About the job
At Judgment Labs, we are pioneering the development of Agent Behavior Monitoring (ABM) infrastructure. Unlike conventional observability that primarily focuses on logging exceptions and latency, our ABM technology highlights behavioral anomalies, such as instruction drifts and context retrieval loss, within scaled production environments.
Numerous teams engaged in building autonomous agents depend on Judgment to gain insight into their systems' performance post-deployment. Our proactive approach enables them to aggregate patterns across conversations and workflows, correlate regressions with specific interaction types, and accurately identify reliability breakdowns within their usage context.
Recently, we secured over $30 million in funding across two rounds within five months. Our esteemed investors include Lightspeed, SV Angel, Valor Equity Partners, Nova Global, and notable figures like Chris Manning, Michael Ovitz, and Kevin Hartz.
Your Role:
As a Forward Deployed AI Engineer at Judgment Labs, you'll seamlessly integrate our ABM infrastructure into customer production systems. This hands-on role involves working directly within customer codebases to incorporate monitoring and evaluation into their real-world agent workflows, diagnosing failures in live environments, and ensuring successful deployments for reliable production use.
This position emphasizes deep technical execution combined with customer ownership. You will collaborate closely with customer teams to analyze agent behavior, convert high-level objectives into actionable ABM deployments, and take full responsibility for outcomes across live production settings. The scope and autonomy in this role offer a unique training ground for those aspiring to lead or found a technical company.
Your Responsibilities:
Deploy and embed Judgment Labs’ ABM platform and AI components into customer codebases and production AI systems.

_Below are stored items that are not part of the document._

(* One block per window with gap [eps = sqrt (K / W) / 4]. *)
Lemma worst_regret_ge_large_window T K W V pol : is_policy K pol -> (2 <= K)%nat -> 0 < V ->
  INR K <= INR T / V -> (1 <= W)%nat -> Nat.divide W T -> INR K * (INR T / V) ^ 2 <= INR W ^ 3 ->
  Rbar_le (Finite ((1/8 - sqrt (ln (4/3)) / 8) * INR T * sqrt (INR K / INR W)))
    (worst_regret T K W V pol).
Proof.
  intros Hpol HK HV HKTV HW [z Hz] HW3.
  assert (HKr : 2 <= INR K) by (apply (le_INR 2); auto).
  assert (HWr : 1 <= INR W) by (apply (le_INR 1); auto).
  assert (HTz : INR T = INR z * INR W) by (rewrite Hz; apply mult_INR).
  assert (HKW : INR K <= INR W).
  { apply pow3_le_reg; [lra|]. eapply Rle_trans; [|apply HW3].
    replace (INR K ^ 3) with (INR K * INR K ^ 2) by ring.
    apply Rmult_le_compat_l; [lra|apply pow_incr; lra]. }
  set (eps := 1/4 * sqrt (INR K / INR W)).
  assert (He2 : eps ^ 2 = INR K / (16 * INR W)).
  { unfold eps. rewrite Rpow_mult_distr, pow2_sqrt by (apply Rdiv_le_0_compat; lra). field. lra. }
  assert (He : 0 <= eps <= 1/4).
  { assert (sqrt (INR K / INR W) <= 1).
    { rewrite <- sqrt_1. apply sqrt_le_1_alt. apply Rmult_le_reg_r with (INR W); [lra|].
      replace (INR K / INR W * INR W) with (INR K) by (field; lra). lra. }
    unfold eps. pose proof (sqrt_pos (INR K / INR W)). lra. }
  assert (HT : 0 < INR T).
  { replace (INR T) with (INR T / V * V) by (field; lra). apply Rmult_lt_0_compat; lra. }
  assert (Hz1 : (1 <= z)%nat) by (destruct z; [simpl in HTz; lra|lia]).
  assert (Hvar : eps * INR z <= V).
  { apply Rsqr_incr_0_var; [|lra]. unfold Rsqr.
    replace (eps * INR z * (eps * INR z)) with (eps ^ 2 * INR z ^ 2) by ring. rewrite He2.
    apply Rmult_le_reg_r with (16 * INR W ^ 3 / V ^ 2); [apply Rdiv_lt_0_compat; nra|].
    replace (INR K / (16 * INR W) * INR z ^ 2 * (16 * INR W ^ 3 / V ^ 2))
      with (INR K * (INR T / V) ^ 2) by (rewrite HTz; field; lra).
    replace (V * V * (16 * INR W ^ 3 / V ^ 2)) with (16 * INR W ^ 3) by (field; lra).
    pose proof (pow_le (INR W) 3 ltac:(lra)). lra. }
  eapply Rbar_le_trans; [|apply (worst_regret_ge_blocks T K W V pol 1 z eps); auto; try lia].
  - rewrite Nat.mul_1_l, mult_INR, <- HTz. simpl. right. unfold eps. field.
  - exists z. auto.
  - rewrite Nat.mul_1_l, He2. right. field. lra.
  - rewrite Nat.mul_1_l.
    assert (INR ((T - 1) / W) <= INR z)
      by (apply le_INR; rewrite Hz; apply Nat.Div0.div_le_upper_bound; nia).
    apply Rle_trans with (eps * INR z); [apply Rmult_le_compat_l; lra|auto].
Qed.
(* Let $\mathcal{B}$ be any unicast index coding problem with receivers $u_1,\dots,u_n$ and demand sets $W_1,\dots,W_n$, and let $G$ be its equivalent single unicast problem (ESUP). Then $$\beta^*_G\big(\max_i |W_i|\big)\le \beta^*_{\mathcal{B}}(1)\le \beta^*_G(1).$$
   Context: Index coding model. A unicast index coding problem has $n$ receivers $u_1,\dots,u_n$ and $N$ messages $\mathbf{x}_1,\dots,\mathbf{x}_N$, each a vector in $\mathcal{A}^m$ for a finite alphabet $\mathcal{A}$ and a positive integer $m$ (all messages have the same length). Receiver $u_i$ demands $\mathbf{x}_j$, $j\in W_i$, and knows $\mathbf{x}_j$, $j\in K_i$, where $W_i,K_i\subseteq[N]$, $W_i\cap K_i=\emptyset$, the $W_i$ are pairwise disjoint and every message is demanded by exactly one receiver. A single unicast problem is the case where every receiver demands exactly one message ($n=N$). An index code consists of an encoder mapping the messages to a codeword $\mathbf{c}\in\mathcal{A}^\ell$, subsets $R_i\subseteq[\ell]$ (receiver $u_i$ observes only $\mathbf{c}_{R_i}$), and decoders at each $u_i$ mapping $(\mathbf{c}_{R_i},\mathbf{x}_{K_i})$ to $\mathbf{x}_{W_i}$; it is valid if every receiver decodes correctly for all message values. Broadcast rate $\beta=\ell/m$; locality at $u_i$ is $r_i=|R_i|/(m|W_i|)$; locality of the code is $r=\max_i r_i$. For a problem $\mathcal{P}$, $\beta^*_{\mathcal{P}}(r)$ is the infimum of rates of valid index codes, over all $m\ge1$, with locality at most $r$. ESUP: given $\mathcal{B}$, its ESUP is the single unicast problem with the same $N$ messages and $N=\sum_i|W_i|$ receivers: for each $u_i$ and each $j\in W_i$ there is one receiver that demands only $\mathbf{x}_j$ and has side information $\mathbf{x}_{K_i}$. *)

From mathcomp Require Import all_boot all_order all_algebra.
From mathcomp Require Import boolp classical_sets reals constructive_ereal ereal.
Set Implicit Arguments. Unset Strict Implicit. Unset Printing Implicit Defensive.
Import Order.TTheory GRing.Theory Num.Theory.
Local Open Scope classical_set_scope.
Local Open Scope ring_scope.

(* An index coding problem with n receivers and N messages:
   receiver i demands the messages in W i and knows those in K i. *)
Record ic_problem (n N : nat) := ICProblem {
  icW : 'I_n -> {set 'I_N};
  icK : 'I_n -> {set 'I_N} }.

(* Unicast: W_i, K_i disjoint; W_i pairwise disjoint; every message is
   demanded by (exactly) one receiver; each W_i nonempty (needed for the
   locality |R_i|/(m|W_i|) to be defined). *)
Definition unicast (n N : nat) (P : ic_problem n N) : Prop :=
  [/\ (forall i j, j \in icW P i -> j \notin icK P i),
      (forall i i' j, i != i' -> j \in icW P i -> j \notin icW P i'),
      (forall j, exists i, j \in icW P i) &
      (forall i, exists j, j \in icW P i)].

(* Equivalent single unicast problem: one receiver per message j, demanding
   only x_j, with the side information K_i of the receiver u_i with j in W_i. *)
Definition esup_K (n N : nat) (P : ic_problem n N) (j : 'I_N) : {set 'I_N} :=
  if [pick i | j \in icW P i] is Some i then icK P i else finset.set0.

Definition esup (n N : nat) (P : ic_problem n N) : ic_problem N N :=
  ICProblem (fun j : 'I_N => finset.set1 j) (esup_K P).

(* An index code with message length m and code length l over alphabet A:
   encoder E and observed positions Rs i. *)
Definition valid_code (A : Type) (n N : nat) (P : ic_problem n N) (m l : nat)
  (E : ('I_N -> 'I_m -> A) -> 'I_l -> A) (Rs : 'I_n -> {set 'I_l}) : Prop :=
  forall i : 'I_n,
  exists D : ({k : 'I_l | k \in Rs i} -> A) ->
             ({j : 'I_N | j \in icK P i} -> 'I_m -> A) ->
             forall j : 'I_N, j \in icW P i -> 'I_m -> A,
  forall (x : 'I_N -> 'I_m -> A) (j : 'I_N) (hj : j \in icW P i),
    D (fun k => E x (sval k)) (fun j' => x (sval j')) j hj = x j.

Definition locality_le (R : realType) (n N : nat) (P : ic_problem n N)
  (m l : nat) (Rs : 'I_n -> {set 'I_l}) (r : R) : Prop :=
  forall i : 'I_n, (#|Rs i|%:R / (m%:R * #|icW P i|%:R) <= r).

Definition beta_star (A : finType) (R : realType) (n N : nat)
  (P : ic_problem n N) (r : R) : \bar R :=
  ereal_inf [set x : \bar R | exists (m l : nat)
      (E : ('I_N -> 'I_m -> A) -> 'I_l -> A) (Rs : 'I_n -> {set 'I_l}),
      [/\ (0 < m)%N, valid_code P E Rs, locality_le P m Rs r &
          x = (l%:R / m%:R)%:E]].

From mathcomp Require Import all_boot all_order all_algebra.
From mathcomp Require Import boolp classical_sets reals constructive_ereal ereal.
Set Implicit Arguments. Unset Strict Implicit. Unset Printing Implicit Defensive.
Import Order.TTheory GRing.Theory Num.Theory.
Local Open Scope ring_scope.

(* A code for the problem is turned into a code for its ESUP with the same
   encoder: the ESUP receiver for x_j reads what the receiver u_i demanding x_j
   reads, i.e. at most r m |W_i| <= r m max_i |W_i| symbols.  Conversely, from a
   code for the ESUP, u_i reads the union of what the ESUP receivers for its
   demands read, at most |W_i| r m symbols.  Both transformations keep the rate
   l/m, so they compare the infima. *)

Lemma card_bigcup_leq_sum (I T : finType) (W : {pred I}) (F : I -> {set T}) :
  (#|\bigcup_(j in W) F j| <= \sum_(j in W) #|F j|)%N.
Proof.
elim/big_ind2: _ => [|n U n' V leUn leVn|//]; first by rewrite cards0.
exact: leq_trans (leq_card_setU U V) (leq_add leUn leVn).
Qed.

Section Decoding.

Variables (A : Type) (N m l : nat) (E : ('I_N -> 'I_m -> A) -> 'I_l -> A).

Definition decodable (Rc : {set 'I_l}) (K : {set 'I_N}) (j : 'I_N) : Prop :=
  exists D : ({k : 'I_l | k \in Rc} -> A) ->
             ({j' : 'I_N | j' \in K} -> 'I_m -> A) -> 'I_m -> A,
  forall x, D (fun k => E x (sval k)) (fun j' => x (sval j')) = x j.

Lemma decodable_subset (Rc Rc' : {set 'I_l}) (K K' : {set 'I_N}) (j : 'I_N) :
  Rc \subset Rc' -> K \subset K' -> decodable Rc K j -> decodable Rc' K' j.
Proof.
move=> /fintype.subsetP sRc /fintype.subsetP sK [D decD].
exists (fun c s => D (fun k => c (exist _ (sval k) (sRc _ (svalP k))))
                     (fun j' => s (exist _ (sval j') (sK _ (svalP j'))))).
exact: decD.
Qed.

Lemma valid_codeP (n : nat) (P : ic_problem n N) (Rs : 'I_n -> {set 'I_l}) :
  valid_code P E Rs <->
  forall i j, j \in icW P i -> decodable (Rs i) (icK P i) j.
Proof.
split=> [valid i j Wij | dec i].
  have [D decD] := valid i.
  by exists (fun c s => D c s j Wij) => x; apply: decD.
have decj j (Wij : j \in icW P i) := cid (dec i j Wij).
exists (fun c s j Wij => sval (decj j Wij) c s) => x j Wij.
exact: svalP (decj j Wij) x.
Qed.

End Decoding.

Lemma esup_K_eq (n N : nat) (P : ic_problem n N) (i : 'I_n) (j : 'I_N) :
  unicast P -> j \in icW P i -> esup_K P j = icK P i.
Proof.
case=> _ W_disj _ _ Wij; rewrite /esup_K; case: pickP => [i' Wi'j | noW].
  by case: (eqVneq i' i) => [-> // | ne]; move: (W_disj _ _ _ ne Wi'j); rewrite Wij.
by move: (noW i); rewrite Wij.
Qed.

Section ESUPCodes.

Variables (A : Type) (n N m l : nat) (P : ic_problem n N).
Variables (E : ('I_N -> 'I_m -> A) -> 'I_l -> A).
Hypothesis unicastP : unicast P.

Lemma valid_code_esup (demander : 'I_N -> 'I_n) (Rs : 'I_n -> {set 'I_l}) :
  (forall j, j \in icW P (demander j)) ->
  valid_code P E Rs -> valid_code (esup P) E (Rs \o demander).
Proof.
move=> demanderP /valid_codeP dec; apply/valid_codeP => j _ /set1P ->.
rewrite /= (esup_K_eq unicastP (demanderP j)); exact: dec.
Qed.

Lemma valid_code_of_esup (Rs : 'I_N -> {set 'I_l}) :
  valid_code (esup P) E Rs ->
  valid_code P E (fun i => \bigcup_(j in icW P i) Rs j).
Proof.
move=> /valid_codeP dec; apply/valid_codeP => i j Wij.
have := dec j j (set11 j); rewrite /= (esup_K_eq unicastP Wij).
by apply: decodable_subset; [exact: finset.bigcup_sup | exact: subxx].
Qed.

End ESUPCodes.

Lemma locality_leP (R : realType) (n N m l : nat) (P : ic_problem n N)
    (Rs : 'I_n -> {set 'I_l}) (r : R) :
  (0 < m)%N -> (forall i, 0 < #|icW P i|)%N ->
  locality_le P m Rs r <-> forall i, #|Rs i|%:R <= r * (m * #|icW P i|)%:R.
Proof.
move=> m_gt0 W_gt0; have mW_gt0 i : 0 < (m * #|icW P i|)%:R :> R.
  by rewrite ltr0n muln_gt0 m_gt0 W_gt0.
by split=> loc i; have := loc i; rewrite -natrM ler_pdivrMr.
Qed.

Section Locality.

Variables (R : realType) (n N m l : nat) (P : ic_problem n N).
Hypothesis m_gt0 : (0 < m)%N.
Hypothesis unicastP : unicast P.

Let W_gt0 i : (0 < #|icW P i|)%N.
Proof. by case: unicastP => _ _ _ /(_ i) [j Wij]; apply/card_gt0P; exists j. Qed.

Let esupW_gt0 j : (0 < #|icW (esup P) j|)%N.
Proof. by rewrite cards1. Qed.

Lemma locality_le_esup (demander : 'I_N -> 'I_n) (Rs : 'I_n -> {set 'I_l}) (r : R) :
  (forall j, j \in icW P (demander j)) ->
  locality_le P m Rs r ->
  locality_le (esup P) m (Rs \o demander) (r * (\max_(i < n) #|icW P i|)%N%:R).
Proof.
move=> demanderP loc; apply/(locality_leP _ _ m_gt0 esupW_gt0) => j /=.
have r_ge0 : 0 <= r by apply: le_trans (loc (demander j)); rewrite divr_ge0 ?mulr_ge0.
move/(locality_leP _ _ m_gt0 W_gt0): loc => loc; rewrite cards1 muln1.
apply: le_trans (loc (demander j)) _.
by rewrite -mulrA ler_wpM2l // mulrC -natrM ler_nat leq_mul2l leq_bigmax orbT.
Qed.

Lemma locality_le_of_esup (Rs : 'I_N -> {set 'I_l}) (r : R) :
  locality_le (esup P) m Rs r ->
  locality_le P m (fun i => \bigcup_(j in icW P i) Rs j) r.
Proof.
move=> /(locality_leP _ _ m_gt0 esupW_gt0) loc; apply/(locality_leP _ _ m_gt0 W_gt0) => i.
apply: le_trans (_ : (\sum_(j in icW P i) #|Rs j|)%:R <= _).
  by rewrite ler_nat card_bigcup_leq_sum.
rewrite natr_sum natrM mulrA mulr_natr -sumr_const.
by apply: ler_sum => j _; have := loc j; rewrite cards1 muln1.
Qed.

End Locality.

Lemma beta_star_le (A : finType) (R : realType) (n n' N : nat)
    (P : ic_problem n N) (Q : ic_problem n' N) (r r' : R) :
  (forall m l (E : ('I_N -> 'I_m -> A) -> 'I_l -> A) (Rs : 'I_n -> {set 'I_l}),
     (0 < m)%N -> valid_code P E Rs -> locality_le P m Rs r ->
     exists Rs' : 'I_n' -> {set 'I_l}, valid_code Q E Rs' /\ locality_le Q m Rs' r') ->
  (beta_star A Q r' <= beta_star A P r)%E.
Proof.
move=> transfer; apply: ereal_inf_le_tmp => _ [m [l [E [Rs [m_gt0 valid loc ->]]]]].
have [Rs' [valid' loc']] := transfer m l E Rs m_gt0 valid loc.
by exists m, l, E, Rs'.
Qed.

Theorem theorem2 (A : finType) (R : realType) (n N : nat) (P : ic_problem n N) :
  unicast P ->
  ((beta_star A (esup P) ((\max_(i < n) #|icW P i|)%N%:R : R)
      <= beta_star A P (1 : R))%E /\
   (beta_star A P (1 : R) <= beta_star A (esup P) (1 : R))%E).
Proof.
move=> unicastP; have [_ _ demanded _] := unicastP.
have [demander demanderP] := choice demanded.
split; apply: beta_star_le => m l E Rs m_gt0 valid loc.
- exists (Rs \o demander); split; first exact: valid_code_esup.
  by rewrite -[X in locality_le _ _ _ X]mul1r; exact: locality_le_esup.
- exists (fun i => \bigcup_(j in icW P i) Rs j).
  by split; [exact: valid_code_of_esup | exact: locality_le_of_esup].
Qed.
Lemma phi_upto_surj N m : (m <= n)%N -> staircase m N ->
  (forall j : 'I_n, (j < m)%N -> N (wid j) j != 0) ->
  exists ths, (forall k : 'I_n, (k < m)%N -> Theta (ths k) /\ mu Qt (ths k) = N (wid k) k)
    /\ phi_upto ths m = N.
Proof.
elim: m N => [|m IH] N lt_mn stN diagN.
  exists [ffun=> 0]; split=> //; rewrite phi_upto0; have [_ _ idN] := stN.
  by apply/matrixP => i j; rewrite idN.
set k := Ordinal lt_mn.
have [th Tth col_th] := ORP_col0_surj (vnorm_act_col (k := k) stN).
have orthQ := orthogonal_Qt Tth.
have colN a : N (act_coord k a) k = Qt th a ord0.
  by have := congr1 (fun v : 'cV[R]_d.+1 => v a 0) col_th; rewrite !mxE.
have stN' := staircase_embmx_tr (k := k) orthQ stN colN.
have [|ths' [ths'P phi_ths']] := IH _ (ltnW lt_mn) stN'.
  move=> j lt_jm; have ne_jk : j != k by rewrite -(inj_eq val_inj) ltn_eqF.
  by rewrite mul_embmx_idle ?act_idx_wid //; apply/diagN/ltnW.
pose ths := [ffun i => if i == k then th else ths' i].
have ths_lt (j : 'I_n) : (j < m)%N -> ths j = ths' j.
  by move=> lt_jm; rewrite ffunE ifF // -(inj_eq val_inj) ltn_eqF.
exists ths; split.
  move=> j; rewrite ltnS leq_eqVlt => /orP[/eqP eq_jm | lt_jm].
    have -> : j = k by apply: val_inj.
    by rewrite ffunE eqxx /mu -colN act_coord0.
  rewrite ths_lt //; have [Tj ->] := ths'P j lt_jm.
  by rewrite mul_embmx_idle // act_idx_wid // -(inj_eq val_inj) ltn_eqF.
rewrite phi_uptoS ffunE eqxx (eq_phi_upto (ltnW lt_mn) ths_lt) phi_ths'.
by rewrite mulmxA embmx_mul (mulmx1C orthQ) embmx1 mul1mx.
Qed.

Lemma trmx_stack_mul_stack (A : 'M[R]_n) (C : 'M[R]_(d, n)) :
  (stack A C)^T *m stack A C = C^T *m C + A^T *m A.
Proof. by rewrite /stack tr_col_mx mul_row_col. Qed.

Lemma OTSON_staircase (A : 'M[R]_n) (C : 'M[R]_(d, n)) :
  OTSON A C <-> staircase n (stack A C).
Proof.
split=> [[orthAC trigAC] | [orthS /is_trig_mxP trigS _]].
  split; [by rewrite trmx_stack_mul_stack orthAC addrC subrK | exact/is_trig_mxP |].
  by move=> j i; rewrite leqNgt ltn_ord.
by split=> //; rewrite -orthS trmx_stack_mul_stack [C^T *m C + _]addrC addrK.
Qed.

Lemma Phi_bij_onto (P : R -> Prop) : (forall x, P x -> x != 0) ->
  bij_onto Theta Qt P
    (fun (A : 'M[R]_n) (C : 'M[R]_(d, n)) => OTSON A C /\ forall i, P (diagQ A C i)).
Proof.
move=> P_neq0; split; [|split].
- move=> ths dom_ths.
  have [stN diagN] := staircase_phi_upto (leqnn n) (fun k _ => (dom_ths k).1).
  exists (dsubmx (Phi Qt ths)), (usubmx (Phi Qt ths)).
  have eqS : Phi Qt ths = stack (dsubmx (Phi Qt ths)) (usubmx (Phi Qt ths)).
    by rewrite /stack vsubmxK.
  split=> //; split; first by apply/OTSON_staircase; rewrite -eqS Phi_phi_upto.
  by move=> i; rewrite /diagQ -eqS Phi_phi_upto diagN //; have [] := dom_ths i.
- move=> ths ths' dom_ths dom_ths'; rewrite !Phi_phi_upto => eq_phi.
  apply/ffunP => k; apply: (phi_upto_inj (leqnn n) _ eq_phi) => // k' _.
  by split; [have [] := dom_ths k' | have [] := dom_ths' k'].
- move=> A C [/OTSON_staircase stS diagP].
  have [|ths [domP phi_ths]] := phi_upto_surj (leqnn n) stS.
    by move=> j _; apply/P_neq0/diagP.
  exists ths; split; last by rewrite Phi_phi_upto.
  by move=> k; have [Tk ->] := domP k (ltn_ord k); split=> //; apply: diagP.
Qed.

End Phi.

Theorem theorem6p4 (R : realType) (n d : nat)
    (Theta : 'rV[R]_d -> Prop) (Qt : 'rV[R]_d -> 'M[R]_d.+1) :
  (1 <= d)%N -> (d <= n)%N ->
  ORP ord0 Theta Qt ->
  bij_onto Theta Qt (fun m => 0 < m) (@strict_OTSON R n d) /\
  bij_onto Theta Qt (fun m => m != 0) (@unreduced_OTSON R n d).
Proof.
move=> _ _ ORP_Qt; split.
  by apply: (Phi_bij_onto n ORP_Qt (P := fun m => 0 < m)) => x /lt0r_neq0.
exact: (Phi_bij_onto n ORP_Qt (P := fun m => m != 0)).
Qed.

Integrate monitoring, evaluation, and agent-facing components into real workflows within customer systems.
Assist customers in technical decision-making regarding agent monitoring and evaluation strategies, ensuring smooth integration with existing production systems.
Manage multiple customer engagements from start to finish, ensuring the successful integration and sustained adoption of monitoring and evaluation systems within production agent workflows.